Student engagement and stakeholder-student interaction give a platform for young people to share their concerns and ideas on climate change. As future leaders on climate change action their early engagement in research and decision-making in climate change is crucial in two ways: their concerns—and also possible solutions to overcome them—may give better insight in climate change impact at the grass-roots level, while their engagement in the topic at a younger age will make them (and their generational peers) more aware, knowledgeable, enthusiastic and equipped to work toward climate change mitigation targets in the future.

Peer Learning

Peer-to-peer teaching and learning has been used for decades to increase student motivation, responsibility, commitment, and sense of purpose while using various learning styles that appeal to their peers (64). In a global climate crisis that will affect many generations to come such elements are crucial for effective future leadership in climate change action. In addition, the group work element of the presenting teams at the festival allowed them to negotiate what problems to tackle, what solutions to present and what mode to use for their communication to ensure comprehension for their peers (65). Hence, there were many opportunities to strengthen transferrable skill, such as listening, explaining, questioning, summarizing, speculating, and hypothesizing (66). In the predominantly teacher-oriented pedagogic styles adhered to in many low-income settings (67), including the Gambia, the trusting relationship between peers (whereby no one holds a position of authority), may facilitate self-disclosure of ignorance and misconception, which will likely accelerate learning (66). Students appeared to appreciate the often enthusiastic, competent and sometimes humorous presentations of the stall-members. However, we did not directly evaluate this or ask for feedback from the students on the format of the festival, rather we asked more generic questions regarding learning on the day and overall enjoyment. In future endeavors it would be helpful to thoroughly evaluate this style of learning.

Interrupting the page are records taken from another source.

(* Borel sets of R^N (sigma-algebra generated by measurable boxes in the
   first N coordinates) *)
Definition boxes : set (set (nat -> R)) :=
  [set B | exists A : nat -> set RT, (forall i, measurable (A i)) /\
           B = [set x | forall i, (i < N)%N -> A i (x i)]].

Definition measurable_proc (psi : (nat -> R) -> 'I_N -> bool) : Prop :=
  forall i : 'I_N, <<s boxes >> [set x | psi x i].

Definition mTDR mu (psi : (nat -> R) -> 'I_N -> bool) : R :=
  fine (EH mu (fun t x => (#|[set i : 'I_N | tnth t i && psi x i]|%:R)%:E)) /
  fine (EH mu (fun t x => (#|[set i : 'I_N | tnth t i]|%:R)%:E)).

Definition mFDR mu (psi : (nat -> R) -> 'I_N -> bool) : R :=
  fine (EH mu (fun t x => (#|[set i : 'I_N | ~~ tnth t i && psi x i]|%:R)%:E)) /
  fine (EH mu (fun t x => (#|[set i : 'I_N | psi x i]|%:R)%:E)).

End HMM.

(* ratio f1/f0 with conventions 1/0 = oo, 0/0 = 0 *)
Definition eratio (R : realType) (a b : R) : \bar R :=
  if b == 0 then (if a == 0 then 0%E else +oo%E) else (a / b)%:E.

Definition densities (R : realType) (disc : bool) (f : bool -> R -> R) : Prop :=
  forall j, (forall x, 0 <= f j x) /\ measurable_fun setT (f j : measurableTypeR R -> R) /\
            (\int[@mu_of R disc]_x (f j x)%:E = 1)%E.

Definition A1i (R : realType) (disc : bool) (f : bool -> R -> R) : Prop :=
  exists nu : R, 0 < nu /\
    forall j, (\int[@mu_of R disc]_x ((`|x| `^ nu) * f j x)%:E < +oo)%E.

(* For counting measure on Z, x ranges over Z, so
   the only accumulation points are x* = +oo (x increasing) and x* = -oo. *)
Definition A1ii (R : realType) (disc : bool) (f : bool -> R -> R) : Prop :=
  let LR := fun x : R => eratio (f true x) (f false x) in
  if disc then
    (LR n%:R @[n --> \oo] --> +oo%E) \/ (LR (- n%:R) @[n --> \oo] --> +oo%E)
  else exists xs : \bar R,
    match xs with
    | EFin r => (LR x @[x --> r^'-] --> +oo%E) \/ (LR x @[x --> r^'+] --> +oo%E)
    | +oo%E => LR x @[x --> +oo] --> +oo%E
    | -oo%E => LR x @[x --> -oo] --> +oo%E
    end.

Definition hmm_params (R : realType) (pi : bool -> R) (Q : bool -> bool -> R) : Prop :=
  (forall j, 0 <= pi j) /\ pi false + pi true = 1 /\
  (forall i j, 0 <= Q i j) /\ (forall i, Q i false + Q i true = 1).

Definition A2 (R : realType) (pi : bool -> R) (Q : bool -> bool -> R) : Prop :=
  Q false <> Q true /\ (forall i j, 0 < Q i j) /\
  (forall j, pi false * Q false j + pi true * Q true j = pi j).
(* Let $\rho\in(0,1)$, $\alpha\ge0$, $k>2$ an integer, and define for $C\ge1$ the function $\hat\rho(C)=\tilde\rho(C)+3\alpha kC$. Let $C_0=\frac{2+\rho^k}{2-\rho^k}$. Then: (i) if $\alpha<\frac{\rho^k(1-\rho^k)}{3k(2+\rho^k)}=:\alpha_0$, there exists a nonempty interval $I$ containing $C_0$ such that $\hat\rho(C)<\rho^k$ for all $C\in I$; (ii) if $\alpha<\min\big(\frac{\rho^k(1-\rho^k)}{3k(2+\rho^k)},\frac{\rho^k-\rho_1}{3kC_1}\big)$, then $\hat\rho(C)<\rho^k$ for all $C\in[C_0,C_1]$; (iii) if $\alpha<\min\big(\frac{\rho^k(1-\rho^k)}{3k(2+\rho^k)},\frac{\rho^k-\rho_*}{3kC_*}\big)$, then $\hat\rho(C)<\rho^k$ for all $C\in[C_0,C_*]$.
   Context: $\mathbb{R}_k[X]$ denotes real polynomials of degree at most $k$; $\|p\|_1$ is the sum of absolute values of coefficients of $p$. $\tilde\rho(C)=\min\{\max_{x\in[0,\rho]}|p(x)|:p\in\mathbb{R}_k[X],\ p(1)=1,\ \|p\|_1\le C\}$. (The quantity $\hat\rho(C)$ is the linear convergence factor guaranteed for one pass of Constrained Anderson Acceleration applied to a $\rho$-Lipschitz map $F=G+\xi$ with $0\preccurlyeq G\preccurlyeq\rho I$ symmetric and $\xi$ $\alpha$-Lipschitz.) $T_k$ is the first-kind Chebyshev polynomial of degree $k$; $C_*=\|p_*\|_1$ with $p_*(X)=T_k(\frac{2X-\rho}{\rho})/|T_k(\frac{2-\rho}{\rho})|$; $\rho_*=\frac{2\beta^k}{1+\beta^{2k}}$ with $\beta=\frac{1-\sqrt{1-\rho}}{1+\sqrt{1-\rho}}$; $\beta_\rho=\frac{\sqrt{1+\rho}-\sqrt{1-\rho}}{\sqrt{1+\rho}+\sqrt{1-\rho}}$, $\rho_1=\frac{2\beta_\rho^k}{1+\beta_\rho^{2k}}$, $C_1=\frac{\rho_1}{2\rho^k}\big((1-\sqrt{1+\rho^2})^k+(1+\sqrt{1+\rho^2})^k\big)$. *)

From HB Require Import structures.
From mathcomp Require Import all_boot all_order all_algebra.
From mathcomp Require Import boolp classical_sets reals.
Set Implicit Arguments. Unset Strict Implicit. Unset Printing Implicit Defensive.
Import Order.TTheory GRing.Theory Num.Theory.
Local Open Scope classical_set_scope.
Local Open Scope ring_scope.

Co-creation of Research and Policy by Citizens and Practice Communities

The student-stakeholder interaction created a platform for practice communities with young people at its center, to voice their experiences and ideas for improvement and therewith potentially influence decision-making in practice and policy. The crucial importance of practice communities and citizens in climate change action and decision-making is increasingly acknowledged by national and international governing and advisory bodies. The Danish government, for instance, co-created their national climate strategy with members of the public (Climate Consortium Denmark), while the UK Government organized a citizen's Assembly on Climate Change to explore: “How should the UK meet its target of net zero greenhouse gas emissions by 2050?” (68). With several government officials and other-decision makers present during our festival, mainly due to the support from the Ministry of Education but also through long ties with our Institution and many key decision makers reflecting a long history of public health research and collaboration, this could accelerate the process of citizen's involvement in The Gambia, or other West African contexts. Despite this, we did not evaluate communications between students, stakeholders and NGOs to assess whether our objective of encouraging dialogue was met. Moreover, in order to foster transformative change there needs to be ongoing projects, communications and interactions which the festival organizers did not actively seek out and set up.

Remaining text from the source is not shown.